How old is Alex Fergusson? If he’s younger than 80 he doesn’t look good for his age, if he’s older than 80 I have left the departure lounge for youth. Knife edge stuff in Adam’s living room as he checks… please be 79 you old soak... He’s 82 and I can now retire… when I get rich and stuff.

The Wayne Rooney doc on BBC Rooney 2004: World at His Feet is very good, by the way. Pretty sure that Portugal game cost my wall a chunk when I kicked it. Hearing “This is England’s greatest team ever, the Golden Generation” from the press hasn’t changed. It’s hard to tell isn’t it, because you tell us that every fucking tournament, you hyperbolic hypocrites.
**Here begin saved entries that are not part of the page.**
Lemma geo_S n x : geo (S n) x = geo n x + x ^ S n.
Proof. unfold geo. now rewrite rsum_S. Qed.

Lemma geo_shift n x : geo (S n) x = 1 + x * geo n x.
Proof.
  induction n as [|n IH]; [rewrite geo_S, geo_O; simpl; lra|].
  rewrite (geo_S (S n)), IH at 1. rewrite (geo_S n). simpl. ring.
Qed.

Lemma geo_mul n x : (1 - x) * geo n x = 1 - x ^ S n.
Proof. induction n as [|n IH]; [rewrite geo_O; simpl; ring|]. rewrite geo_S. simpl in *. nra. Qed.

Lemma geo_at_0 n : geo n 0 = 1.
Proof. induction n as [|n IH]; [apply geo_O|]. rewrite geo_S, IH. simpl. lra. Qed.

Lemma geo_at_1 n : geo n 1 = INR (n + 1).
Proof.
  induction n as [|n IH]; [rewrite geo_O; simpl; lra|].
  rewrite geo_S, IH, pow1. replace (S n + 1)%nat with (S (n + 1)) by lia.
  rewrite S_INR. lra.
Qed.

Lemma geo_gap n x y : (1 <= n)%nat -> 0 <= x <= y -> y - x <= geo n y - geo n x.
Proof.
  intros Hn Hxy. induction n as [|[|n] IH]; [lia | rewrite !geo_S, !geo_O; simpl; lra |].
  rewrite (geo_S (S n) x), (geo_S (S n) y).
  assert (x ^ S (S n) <= y ^ S (S n)) by (apply pow_incr; lra).
  assert (y - x <= geo (S n) y - geo (S n) x) by (apply IH; lia). lra.
Qed.

Lemma geo_strongly_increasing n x y : (1 <= n)%nat -> 0 <= x -> 0 <= y ->
  (x - y) ^ 2 <= (x - y) * (geo n x - geo n y).
Proof.
  intros Hn Hx Hy. destruct (Rle_or_lt x y).
  - pose proof (geo_gap n x y Hn ltac:(lra)). nra.
  - pose proof (geo_gap n y x Hn ltac:(lra)). nra.
Qed.

Definition dgeo (n : nat) (x : R) : R := rsum (S n) (fun k => INR k * x ^ pred k).

Lemma is_derive_geo n x : is_derive (geo n) x (dgeo n x).
Proof.
  apply (is_derive_rsum (S n) (fun k y => y ^ k) (fun k y => INR k * y ^ pred k)).
  intros k. rewrite <- (Rmult_1_r (INR k)) at 1.
  apply (is_derive_pow (fun y => y)). apply (is_derive_id x).
Qed.

Lemma dgeo_bounds n x : 0 <= x <= 1 -> 0 <= dgeo n x <= dgeo n 1.
Proof.
  intros Hx. split; [apply rsum_nonneg | apply rsum_le]; intros k _.
  - apply Rmult_le_pos; [apply pos_INR | apply pow_le; lra].
  - apply Rmult_le_compat_l; [apply pos_INR | apply pow_incr; lra].
Qed.

Lemma geo_lipschitz n x y : 0 <= x <= 1 -> 0 <= y <= 1 ->
  Rabs (geo n x - geo n y) <= dgeo n 1 * Rabs (x - y).
Proof.
  intros Hx Hy.
  assert (Hmvt : forall a b, 0 <= a -> a < b -> b <= 1 ->
            Rabs (geo n b - geo n a) <= dgeo n 1 * Rabs (b - a)).
  { intros a b Ha Hab Hb. destruct (mean_value (geo n) (dgeo n) a b ltac:(lra)) as [z [Hz ->]].
    { intros; apply is_derive_geo. }
    pose proof (dgeo_bounds n z ltac:(lra)).
    rewrite Rabs_mult, (Rabs_right (dgeo n z)) by lra.
    apply Rmult_le_compat_r; [apply Rabs_pos | lra]. }
  destruct (Rtotal_order x y) as [Hxy|[->|Hxy]].
  - rewrite Rabs_minus_sym, (Rabs_minus_sym x). apply Hmvt; lra.
  - rewrite !Rminus_diag, Rabs_R0. pose proof (dgeo_bounds n 1). lra.
  - apply Hmvt; lra.
Qed.

Lemma geo_inj n x y : (1 <= n)%nat -> 0 <= x -> 0 <= y -> geo n x = geo n y -> x = y.
Proof.
  intros Hn Hx Hy Hxy. pose proof (geo_strongly_increasing n x y Hn Hx Hy) as Hmon.
  rewrite Hxy, Rminus_diag, Rmult_0_r in Hmon. nra.
Qed.

(** * Centers of planar flows with a separable first integral *)

Definition valley (F : R -> R) (lo hi : R) : Prop :=
  (forall a b, 0 <= a -> a < b -> b < hi -> F a < F b) /\
  (forall a b, lo < a -> a < b -> b <= 0 -> F b < F a).

Lemma valley_of_is_derive (f df : R -> R) m lo hi : lo < m < hi ->
  (forall x, lo < x < hi -> is_derive f x (df x)) ->
  (forall x, lo < x < hi -> x <> m -> 0 < (x - m) * df x) ->
  valley (fun a => f (m + a)) (lo - m) (hi - m).
Proof.
  intros Hm Df Hsign. split; intros a b Ha Hab Hb.
  - apply (lt_of_is_derive_pos f df (m + a) (m + b)); [lra | intros; apply Df; lra |].
    intros x Hx. specialize (Hsign x ltac:(lra) ltac:(lra)). nra.
  - apply Ropp_lt_cancel.
    apply (lt_of_is_derive_pos (fun x => - f x) (fun x => - df x) (m + a) (m + b)); [lra | |].
    + intros x Hx. apply (is_derive_opp f), Df. lra.
    + intros x Hx. specialize (Hsign x ltac:(lra) ltac:(lra)). nra.
Qed.

Lemma valley_opp {F lo hi} : valley F lo hi -> valley (fun a => F (- a)) (- hi) (- lo).
Proof. intros [Fup Fdown]; split; intros a b Ha Hab Hb; [apply Fdown | apply Fup]; lra. Qed.

Lemma valley_min F lo hi a : valley F lo hi -> lo < a < hi -> a <> 0 -> F 0 < F a.
Proof.
  intros [Fup Fdown] Ha Ha0. destruct (Rle_or_lt a 0).
  - apply Fdown; lra.
  - apply Fup; lra.
Qed.

(* [v] moves in the direction of [u] and [u] against [v], each at a speed at least [k]
   times the other coordinate: the point (u, v) turns counterclockwise around 0. *)
Definition rotating (k : R) (u v du dv : R -> R) : Prop :=
  0 < k /\ (forall t, is_derive u t (du t)) /\ (forall t, is_derive v t (dv t)) /\
  (forall t, k * u t ^ 2 <= u t * dv t) /\ (forall t, k * v t ^ 2 <= - (v t * du t)).

Lemma rotating_quarter {k u v du dv} : rotating k u v du dv ->
  rotating k v (fun t => - u t) dv (fun t => - du t).
Proof.
  intros (Hk & Du & Dv & Hu & Hv). refine (conj Hk (conj Dv (conj _ (conj _ _)))).
  - intros t. now apply (is_derive_opp u).
  - intros t. specialize (Hv t). lra.
  - intros t. specialize (Hu t). nra.
Qed.

Lemma quarter_turn {k u v du dv} t0 : rotating k u v du dv -> 0 < u t0 -> 0 <= v t0 ->
  exists t1, t0 < t1 /\ u t1 = 0 /\ 0 < v t1 /\ forall t, t0 <= t <= t1 -> v t0 <= v t.
Proof.
  intros (Hk & Du & Dv & Hu & Hv) Hu0 Hv0.
  assert (v_up : forall s t, s < t -> (forall r, s < r < t -> 0 < u r) -> v s < v t).
  { intros s t Hst Hpos. apply (lt_of_is_derive_pos v dv); auto.
    intros r Hr. specialize (Hpos r Hr). specialize (Hu r).
    assert (0 < k * u r ^ 2) by (apply Rmult_lt_0_compat; [lra | apply pow_lt; lra]). nra. }
  assert (Hcross : exists t2, t0 < t2 /\ u t2 <= 0).
  { apply NNPP. intros Hno.
    assert (Upos : forall t, t0 <= t -> 0 < u t).
    { intros t Ht. destruct (Rle_or_lt (u t) 0) as [Hle|]; auto.
      destruct (Req_dec t t0) as [->|]; [lra|]. exfalso; apply Hno; exists t; split; lra. }
    (* Once [v] has grown to [y1 > 0], [u] decreases at rate at least [k y1]. *)
    set (y1 := v (t0 + 1)).
    assert (Hy1 : v t0 < y1) by (apply v_up; intros; try apply Upos; lra).
    assert (Hdu : forall t, t0 + 1 <= t -> du t <= - (k * y1)).
    { intros t Ht. assert (y1 <= v t).
      { destruct (Req_dec t (t0 + 1)) as [->|]; [unfold y1; lra|].
        left. apply v_up; intros; try apply Upos; lra. }
      specialize (Hv t).
      assert (Hdv : du t + k * v t <= 0).
      { destruct (Rle_or_lt (du t + k * v t) 0) as [|Hgt]; auto.
        assert (0 < v t * (du t + k * v t)) by (apply Rmult_lt_0_compat; lra). nra. }
      nra. }
    assert (Hu1 : 0 < u (t0 + 1)) by (apply Upos; lra).
    assert (Hky : 0 < k * y1) by nra.
    set (D := 1 + u (t0 + 1) / (k * y1)).
    assert (HD : k * y1 * D = k * y1 + u (t0 + 1)) by (unfold D; field; lra).
    assert (0 < D) by (unfold D; pose proof (Rdiv_lt_0_compat _ _ Hu1 Hky); lra).
    destruct (mean_value u du (t0 + 1) (t0 + 1 + D)) as [c [Hc Hmv]]; [lra | auto |].
    specialize (Hdu c ltac:(lra)). assert (0 < u (t0 + 1 + D)) by (apply Upos; lra).
    replace (t0 + 1 + D - (t0 + 1)) with D in Hmv by ring. nra. }
  destruct Hcross as [t2 [Ht2 Hu2]].
  destruct (first_root u t0 t2) as [t1 [Ht1 [Hz Hpos]]]; auto.
  { intros x. apply (continuity_pt_of_is_derive u x (du x)), Du. }
  assert (Hmono : forall t, t0 < t <= t1 -> v t0 < v t).
  { intros t Ht. apply v_up; [lra|]. intros r Hr. apply Hpos; lra. }
  exists t1. repeat split; auto; try lra.
  - specialize (Hmono t1 ltac:(lra)). lra.
  - intros t Ht. destruct (Req_dec t t0) as [->|]; [lra|]. left; apply Hmono; lra.
Qed.

Lemma reach_axis {k u v du dv} t0 : rotating k u v du dv -> (u t0, v t0) <> (0, 0) ->
  exists t, 0 < u t /\ v t = 0.
Proof.
  intros R0 Hne.
  pose proof (rotating_quarter R0) as R1.
  pose proof (rotating_quarter R1) as R2.
  pose proof (rotating_quarter R2) as R3.
  assert (from_Q4 : forall t, v t < 0 -> 0 <= u t -> exists s, 0 < u s /\ v s = 0).
  { intros t Hv Hu. destruct (quarter_turn t R3) as [s (_ & Hs1 & Hs2 & _)]; simpl; try lra.
    exists s. lra. }
  assert (from_Q3 : forall t, u t < 0 -> v t <= 0 -> exists s, 0 < u s /\ v s = 0).
  { intros t Hu Hv. destruct (quarter_turn t R2) as [s (_ & Hs1 & Hs2 & _)]; simpl; try lra.
    apply (from_Q4 s); lra. }
  assert (from_Q2 : forall t, 0 < v t -> u t <= 0 -> exists s, 0 < u s /\ v s = 0).
  { intros t Hv Hu. destruct (quarter_turn t R1) as [s (_ & Hs1 & Hs2 & _)]; simpl; try lra.
    apply (from_Q3 s); lra. }
  destruct (Rtotal_order (u t0) 0) as [Hu|[Hu|Hu]];
    destruct (Rtotal_order (v t0) 0) as [Hv|[Hv|Hv]].
  all: try (apply (from_Q2 t0); lra); try (apply (from_Q3 t0); lra); try (apply (from_Q4 t0); lra).
  - exfalso. apply Hne. now rewrite Hu, Hv.
  - now exists t0.
  - destruct (quarter_turn t0 R0) as [s (_ & Hs1 & Hs2 & _)]; try lra.
    apply (from_Q2 s); lra.
Qed.

Definition conservative_center (k : R) (u v du dv F G : R -> R) (h lu hu lv hv : R) : Prop :=
  rotating k u v du dv /\ valley F lu hu /\ valley G lv hv /\
  (forall t, lu < u t < hu /\ lv < v t < hv) /\ (forall t, F (u t) + G (v t) = h).

Lemma conservative_center_quarter {k u v du dv F G h lu hu lv hv} :
  conservative_center k u v du dv F G h lu hu lv hv ->
  conservative_center k v (fun t => - u t) dv (fun t => - du t)
    G (fun a => F (- a)) h lv hv (- hu) (- lu).
Proof.
  intros (Rot & VF & VG & Dom & Cons).
  refine (conj (rotating_quarter Rot) (conj VG (conj (valley_opp VF) (conj _ _)))).
  - intros t. specialize (Dom t). lra.
  - intros t. rewrite Ropp_involutive. specialize (Cons t). lra.
Qed.

Lemma quarter_cover {k u v du dv F G h lu hu lv hv} t0 :
  conservative_center k u v du dv F G h lu hu lv hv -> 0 < u t0 -> v t0 = 0 ->
  exists t1, t0 < t1 /\ u t1 = 0 /\ 0 < v t1 /\
    forall a b, 0 <= a < hu -> 0 <= b < hv -> F a + G b = h -> exists t, u t = a /\ v t = b.
Proof.
  intros (Rot & [Fup _] & [Gup _] & Dom & Cons) Hu0 Hv0.
  pose proof Rot as (_ & Du & _).
  destruct (quarter_turn t0 Rot) as [t1 (Ht1 & Hu1 & Hv1 & Hmono)]; try lra.
  exists t1. refine (conj Ht1 (conj Hu1 (conj Hv1 _))).
  intros a b Ha Hb Hab.
  assert (Ha0 : a <= u t0).
  { destruct (Rle_or_lt a (u t0)) as [|Hlt]; auto. exfalso.
    assert (F (u t0) < F a) by (apply Fup; lra).
    assert (G 0 <= G b) by (destruct (Req_dec b 0) as [->|]; [lra | left; apply Gup; lra]).
    specialize (Cons t0). rewrite Hv0 in Cons. lra. }
  destruct (IVT_gen u t0 t1 a) as [t [Ht Hut]].
  { intros x. apply (continuity_pt_of_is_derive u x (du x)), Du. }
  { rewrite Hu1, Rmin_right, Rmax_left; lra. }
  rewrite Rmin_left, Rmax_right in Ht by lra.
  exists t. split; auto.
  specialize (Hmono t Ht). specialize (Cons t). rewrite Hut in Cons.
  destruct (Dom t) as [_ Hvt].
  destruct (Rtotal_order (v t) b) as [Hlt|[|Hlt]]; auto; exfalso.
  - assert (G (v t) < G b) by (apply Gup; lra). lra.
  - assert (G b < G (v t)) by (apply Gup; lra). lra.
Qed.
(* Let $p$ be an odd prime. Let $\mathcal{L}=(L_1,\dots,L_m)$ be a square-independent system of linear forms in $d$ variables over $\mathbb{F}_p$, whose linear span has dimension $d'$. Let $\Gamma_1:\mathbb{F}_p^n\to\mathbb{F}_p^{d_1}$ be a surjective linear map and let $\Gamma_2:\mathbb{F}_p^n\to\mathbb{F}_p^{d_2}$ be a quadratic map of rank at least $r$. Let $a_1,\dots,a_m\in\mathbb{F}_p^{d_1}$ and $b_1,\dots,b_m\in\mathbb{F}_p^{d_2}$. Let $Z$ be the subspace of $(\mathbb{F}_p^{d_1})^m$ consisting of all $(c_1,\dots,c_m)$ with $\sum_i\mu_ic_i=0$ whenever $\mu\in\mathbb{F}_p^m$ satisfies $\sum_i\mu_iL_i=0$. If $\mathbf{x}$ is chosen uniformly at random from $(\mathbb{F}_p^n)^d$, then the probability that $\Gamma_1(L_i(\mathbf{x}))=a_i$ and $\Gamma_2(L_i(\mathbf{x}))=b_i$ for every $i\le m$ is zero if $(a_1,\dots,a_m)\notin Z$, and if $(a_1,\dots,a_m)\in Z$ it differs from $p^{-d_1d'-d_2m}$ by at most $p^{d_1-d'd_1-r/2}$.
   Context: A linear form in $d$ variables is $L(x_1,\dots,x_d)=\sum_{r=1}^d\gamma_rx_r$ with $\gamma_r\in\mathbb{F}_p$; for $\mathbf{x}\in(\mathbb{F}_p^n)^d$, $L(\mathbf{x})=\sum_r\gamma_rx_r\in\mathbb{F}_p^n$. A system $(L_1,\dots,L_m)$ with $L_i=\sum_r\gamma^{(i)}_rx_r$ is square-independent if the $d\times d$ matrices $(\gamma^{(i)}_r\gamma^{(i)}_s)_{r,s}$ are linearly independent over $\mathbb{F}_p$. A quadratic form on $\mathbb{F}_p^n$ is $q(x)=x^TMx$, $M$ symmetric over $\mathbb{F}_p$, with associated bilinear form $\beta(x,y)=(q(x+y)-q(x)-q(y))/2$. A quadratic map $\Gamma_2=(q_1,\dots,q_{d_2})$ has rank at least $r$ if $\sum_j\lambda_j\beta_j$ has rank at least $r$ for every nonzero $\lambda\in\mathbb{F}_p^{d_2}$, where $\beta_j$ is the bilinear form of $q_j$. *)

From HB Require Import structures.
From mathcomp Require Import all_boot all_order all_algebra.
From mathcomp Require Import reals exp.
Set Implicit Arguments. Unset Strict Implicit. Unset Printing Implicit Defensive.
Import Order.TTheory GRing.Theory Num.Theory.
Local Open Scope ring_scope.

Section Defs.
Variable F : fieldType.

(* A system of m linear forms in d variables is a matrix gamma : 'M_(m,d);
   row i holds the coefficients of L_i.  For X : 'M_(d,n) whose rows are
   x_1,...,x_d in F^n, L_i(X) = sum_r gamma i r *: x_r = row i (gamma *m X). *)
Definition Lform_eval (m d n : nat) (gamma : 'M[F]_(m, d)) (X : 'M[F]_(d, n))
    (i : 'I_m) : 'rV[F]_n := row i (gamma *m X).

Definition sq_mx (m d : nat) (gamma : 'M[F]_(m, d)) (i : 'I_m) : 'M[F]_d :=
  \matrix_(r, s) (gamma i r * gamma i s).

Definition square_independent (m d : nat) (gamma : 'M[F]_(m, d)) : Prop :=
  forall c : 'I_m -> F, \sum_i c i *: sq_mx gamma i = 0 -> forall i, c i = 0.

Definition qform (n : nat) (M : 'M[F]_n) (x : 'rV[F]_n) : F := (x *m M *m x^T) 0 0.

Definition bilin (n : nat) (M : 'M[F]_n) (x y : 'rV[F]_n) : F :=
  (qform M (x + y) - qform M x - qform M y) / 2%:R.

Definition bform_rank (n : nat) (beta : 'rV[F]_n -> 'rV[F]_n -> F) : nat :=
  \rank (\matrix_(i, j) beta (delta_mx 0 i) (delta_mx 0 j)).

(* quadratic map Gamma_2 = (q_1,...,q_d2), q_j given by symmetric Ms j,
   has rank at least r *)
Definition qmap_rank_ge (n d2 : nat) (Ms : 'I_d2 -> 'M[F]_n) (r : nat) : Prop :=
  forall lam : 'rV[F]_d2, lam != 0 ->
    leq r (bform_rank (fun x y => \sum_j lam ord0 j * bilin (Ms j) x y)).

(* The subspace Z of (F^d1)^m (tuples stored as rows of A : 'M_(m,d1)) *)
Definition in_Z (m d d1 : nat) (gamma : 'M[F]_(m, d)) (A : 'M[F]_(m, d1)) : Prop :=
  forall mu : 'rV[F]_m, mu *m gamma = 0 -> mu *m A = 0.

End Defs.

From HB Require Import structures.
From mathcomp Require Import all_boot all_order all_algebra.
From mathcomp Require Import reals exp.
From mathcomp Require Import algC cyclotomic zify ring.
Set Implicit Arguments.
Unset Strict Implicit.
Unset Printing Implicit Defensive.
Import Order.TTheory GRing.Theory Num.Theory.
Local Open Scope ring_scope.

(* The linear conditions Gamma_1(L_i(X)) = a_i cut out a coset X0 + K of the
   kernel K of X |-> (Gamma_1(L_i(X)))_i; the coset exists iff (a_i) lies in Z,
   and #|K| = p^(dn - d1 d').  The quadratic conditions are detected with
   additive characters e of F_p: p^(m d2) times the count equals the sum over
   lam in F_p^(m x d2) of sum_(k in K) e(sum_(i,j) lam_ij (q_j(L_i(X0 + k)) - b_ij)).
   The term lam = 0 is #|K|.  For lam <> 0, multiplying the inner sum by its
   conjugate and shifting k (Weyl differencing) bounds its square by #|K| times
   the size of the radical of the bilinear form sum_i lam_i.beta(L_i x, L_i y)
   on K.  Square independence gives r0, s0 with sum_i lam_i gamma_i,r0 gamma_i,s0
   <> 0; the corresponding combination of the q_j has rank >= r, which bounds
   the radical by #|K| p^(2 d1 - r).  So every lam <> 0 contributes at most
   #|K| p^(d1 - r/2). *)

Section FinLinearAlgebra.
Variable F : finFieldType.

Lemma card_submx k n a (U : 'M[F]_(a, n)) :
  #|[set Y : 'M[F]_(k, n) | (Y <= U)%MS]| = (#|F| ^ (k * \rank U))%N.
Proof.
rewrite -card_mx.
have inj : injective (fun W : 'M[F]_(k, \rank U) => W *m row_base U).
  exact: row_free_inj (row_base_free U).
rewrite -(card_imset _ inj); apply: eq_card => Y; rewrite inE.
apply/idP/imsetP => [|[W _ ->]]; last by rewrite -(eq_row_base U) submxMl.
by rewrite -(eq_row_base U) => /submxP[W ->]; exists W.
Qed.

Lemma trmx_sub_of_ker m d k (C : 'M[F]_(m, d)) (A : 'M[F]_(m, k)) :
  (forall mu : 'rV_m, mu *m C = 0 -> mu *m A = 0) -> (A^T <= C^T)%MS.
Proof.
move=> kerCA; rewrite submxE -trmx0 -[_ *m _]trmxK trmx_mul trmxK.
apply/eqP; congr trmx; apply/row_matrixP => i; rewrite row_mul row0.
apply: kerCA; rewrite -row_mul.
by rewrite -[C in _ *m C]trmxK -trmx_mul mulmx_coker trmx0 row0.
Qed.

End FinLinearAlgebra.

Section AdditiveFibers.
Variables (V W : finZmodType) (f : V -> W).
Hypothesis fB : {morph f : x y / x - y}.
Variable K : {pred V}.
Hypothesis KB : {in K &, forall x y, x - y \in K}.
Hypothesis KD : {in K &, forall x y, x + y \in K}.

Lemma card_preim_additive (U : {pred W}) :
  #|[set x in K | f x \in U]| =
  (#|[set x in K | f x == 0%R]| * #|[set w in f @: [set x in K] | w \in U]|)%N.
Proof.
have f0 : f 0 = 0 by rewrite -(subrr 0) fB subrr.
rewrite -sum1_card (partition_big f (mem [set w in f @: [set x in K] | w \in U]));
  last by move=> x; rewrite !inE => /andP[Kx ->]; rewrite andbT imset_f ?inE.
rewrite mulnC -sum_nat_const; apply: eq_bigr => _ /[!inE] /andP[/imsetP[x0 + ->] Ux0].
rewrite inE sum1_card => Kx0.
rewrite -(card_imset [set x in K | f x == 0] (addrI x0)); apply: eq_card => x.
rewrite -[in LHS]topredE /= inE; apply/idP/imsetP.
  case/andP=> /andP[Kx _] /eqP fx; exists (x - x0); last by rewrite addrC subrK.
  by rewrite inE KB //= fB fx subrr eqxx.
case=> h /[!inE] /andP[Kh /eqP fh] ->.
have fN y : f (- y) = - f y by rewrite -sub0r fB f0 sub0r.
have fD : f (x0 + h) = f x0 + f h by rewrite -{1}[h]opprK fB fN opprK.
by rewrite KD // fD fh addr0 Ux0 eqxx.
Qed.

End AdditiveFibers.

Section AdditiveCharacter.
Variable p : nat.
Hypothesis p_pr : prime p.
Local Notation F := 'F_p.

Definition zeta : algC := projT1 (C_prim_root_exists (prime_gt0 p_pr)).

Lemma zeta_prim : p.-primitive_root zeta.
Proof. exact: projT2 (C_prim_root_exists (prime_gt0 p_pr)). Qed.

Definition echar (x : F) : algC := zeta ^+ x.

Lemma Fp_val_lt (x : F) : (x < p)%N.
Proof. by rewrite -[X in (_ < X)%N](Fp_cast p_pr). Qed.

Lemma Fp_natr_val (x : F) : (x : nat)%:R = x.
Proof. by apply: val_inj; rewrite /= val_Fp_nat // modn_small // Fp_val_lt. Qed.

Lemma echarD x y : echar (x + y) = echar x * echar y.
Proof.
rewrite /echar -exprD -{1}(Fp_natr_val x) -{1}(Fp_natr_val y) -natrD val_Fp_nat //.
by rewrite expr_mod // prim_expr_order // zeta_prim.
Qed.

Lemma echar0 : echar 0 = 1.
Proof. exact: expr0. Qed.

Lemma echar_eq1 x : (echar x == 1) = (x == 0).
Proof.
apply/idP/eqP => [|->]; last by rewrite echar0.
rewrite /echar -(prim_order_dvd zeta_prim) => /dvdnP[[|k] xE]; apply: val_inj => //.
by have := Fp_val_lt x; rewrite xE mulSn; lia.
Qed.

Lemma norm_echar x : `|echar x| = 1.
Proof.
apply/eqP; rewrite -(pexpr_eq1 (prime_gt0 p_pr)) ?normr_ge0 // -normrX /echar.
by rewrite -exprM mulnC exprM (prim_expr_order zeta_prim) expr1n normr1.
Qed.

Lemma conj_echar x : (echar x)^* = echar (- x).
Proof.
have nz : echar x != 0 by rewrite -normr_eq0 norm_echar oner_eq0.
apply: (mulIf nz); rewrite -echarD addNr echar0.
by rewrite mulrC -normCK norm_echar expr1n.
Qed.

Lemma sum_echar_eq0 (V : finZmodType) (g : V -> F) (K : {pred V}) k0 :
  {morph g : x y / x + y} ->
  {in K &, forall x y, x + y \in K} -> {in K &, forall x y, x - y \in K} ->
  k0 \in K -> g k0 != 0 -> \sum_(x in K) echar (g x) = 0.
Proof.
move=> gD KD KB Kk0 gk0; set S := \sum_(x in K) _.
have SE : S = S * echar (g k0).
  rewrite /S mulr_suml (reindex_inj (addIr k0)) /=; apply: eq_big => x.
    by apply/idP/idP => Kx; [rewrite -(addrK k0 x) KB | rewrite KD].
  by move=> _; rewrite gD echarD.
apply/eqP; move/eqP: SE; rewrite eq_sym -subr_eq0 -{2}[S]mulr1 -mulrBr mulf_eq0.
by rewrite subr_eq0 echar_eq1 (negbTE gk0) orbF.
Qed.

Lemma sum_echar_mxdot a b (v : 'M[F]_(a, b)) :
  \sum_(lam : 'M[F]_(a, b)) echar (\sum_i \sum_j lam i j * v i j) =
  (v == 0)%:R * (p ^ (a * b))%:R.
Proof.
have [->|v_nz] := eqVneq v 0.
  rewrite mul1r -[X in (X ^ _)%N](card_Fp p_pr) -card_mx -sum1_card natr_sum.
  apply: eq_bigr => lam _; rewrite big1 ?echar0 // => i _.
  by rewrite big1 // => j _; rewrite mxE mulr0.
have [i0 [j0 vij]] : exists i0 j0, v i0 j0 != 0.
  have : ~~ [forall i, forall j, v i j == 0].
    apply: contra v_nz => /forallP v0; apply/eqP/matrixP => i j.
    by rewrite mxE; exact/eqP/(forallP (v0 i)).
  rewrite negb_forall => /existsP[i0]; rewrite negb_forall => /existsP[j0 vij].
  by exists i0, j0.
rewrite mul0r (@sum_echar_eq0 _ _ predT (delta_mx i0 j0)) //.
- move=> x y; rewrite -big_split; apply: eq_bigr => i _.
  by rewrite -big_split; apply: eq_bigr => j _; rewrite mxE mulrDl.
rewrite (bigD1 i0) //= (bigD1 j0) //= !big1 ?addr0 ?mxE ?eqxx ?mul1r //.
  by move=> i /negbTE i_ne; rewrite big1 // => j _; rewrite mxE i_ne mul0r.
by move=> j /negbTE j_ne; rewrite mxE eqxx j_ne mul0r.
Qed.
Finally, footballers really don’t have any imagination when it comes to nicknames, do they. “Gigsy”, “Scholesy” and apparently “Keanesy” were monikers. Surely “Cuntsey” works better for the latter. All of these many musings, and the fact that I found 99 incredibly engrossing, mean that I liked it. For fucks sake.

Bedsit it?

99 is annoyingly good, much like that particular team. Exciting, interesting and with more breadth than it should have, I imagine Manchester United fans (or those who weren’t bred to dislike them) will score it higher than my 8/10, the Devils.
*OBVIOUSLY I don't and have never done this, it's a horrendous thing to do.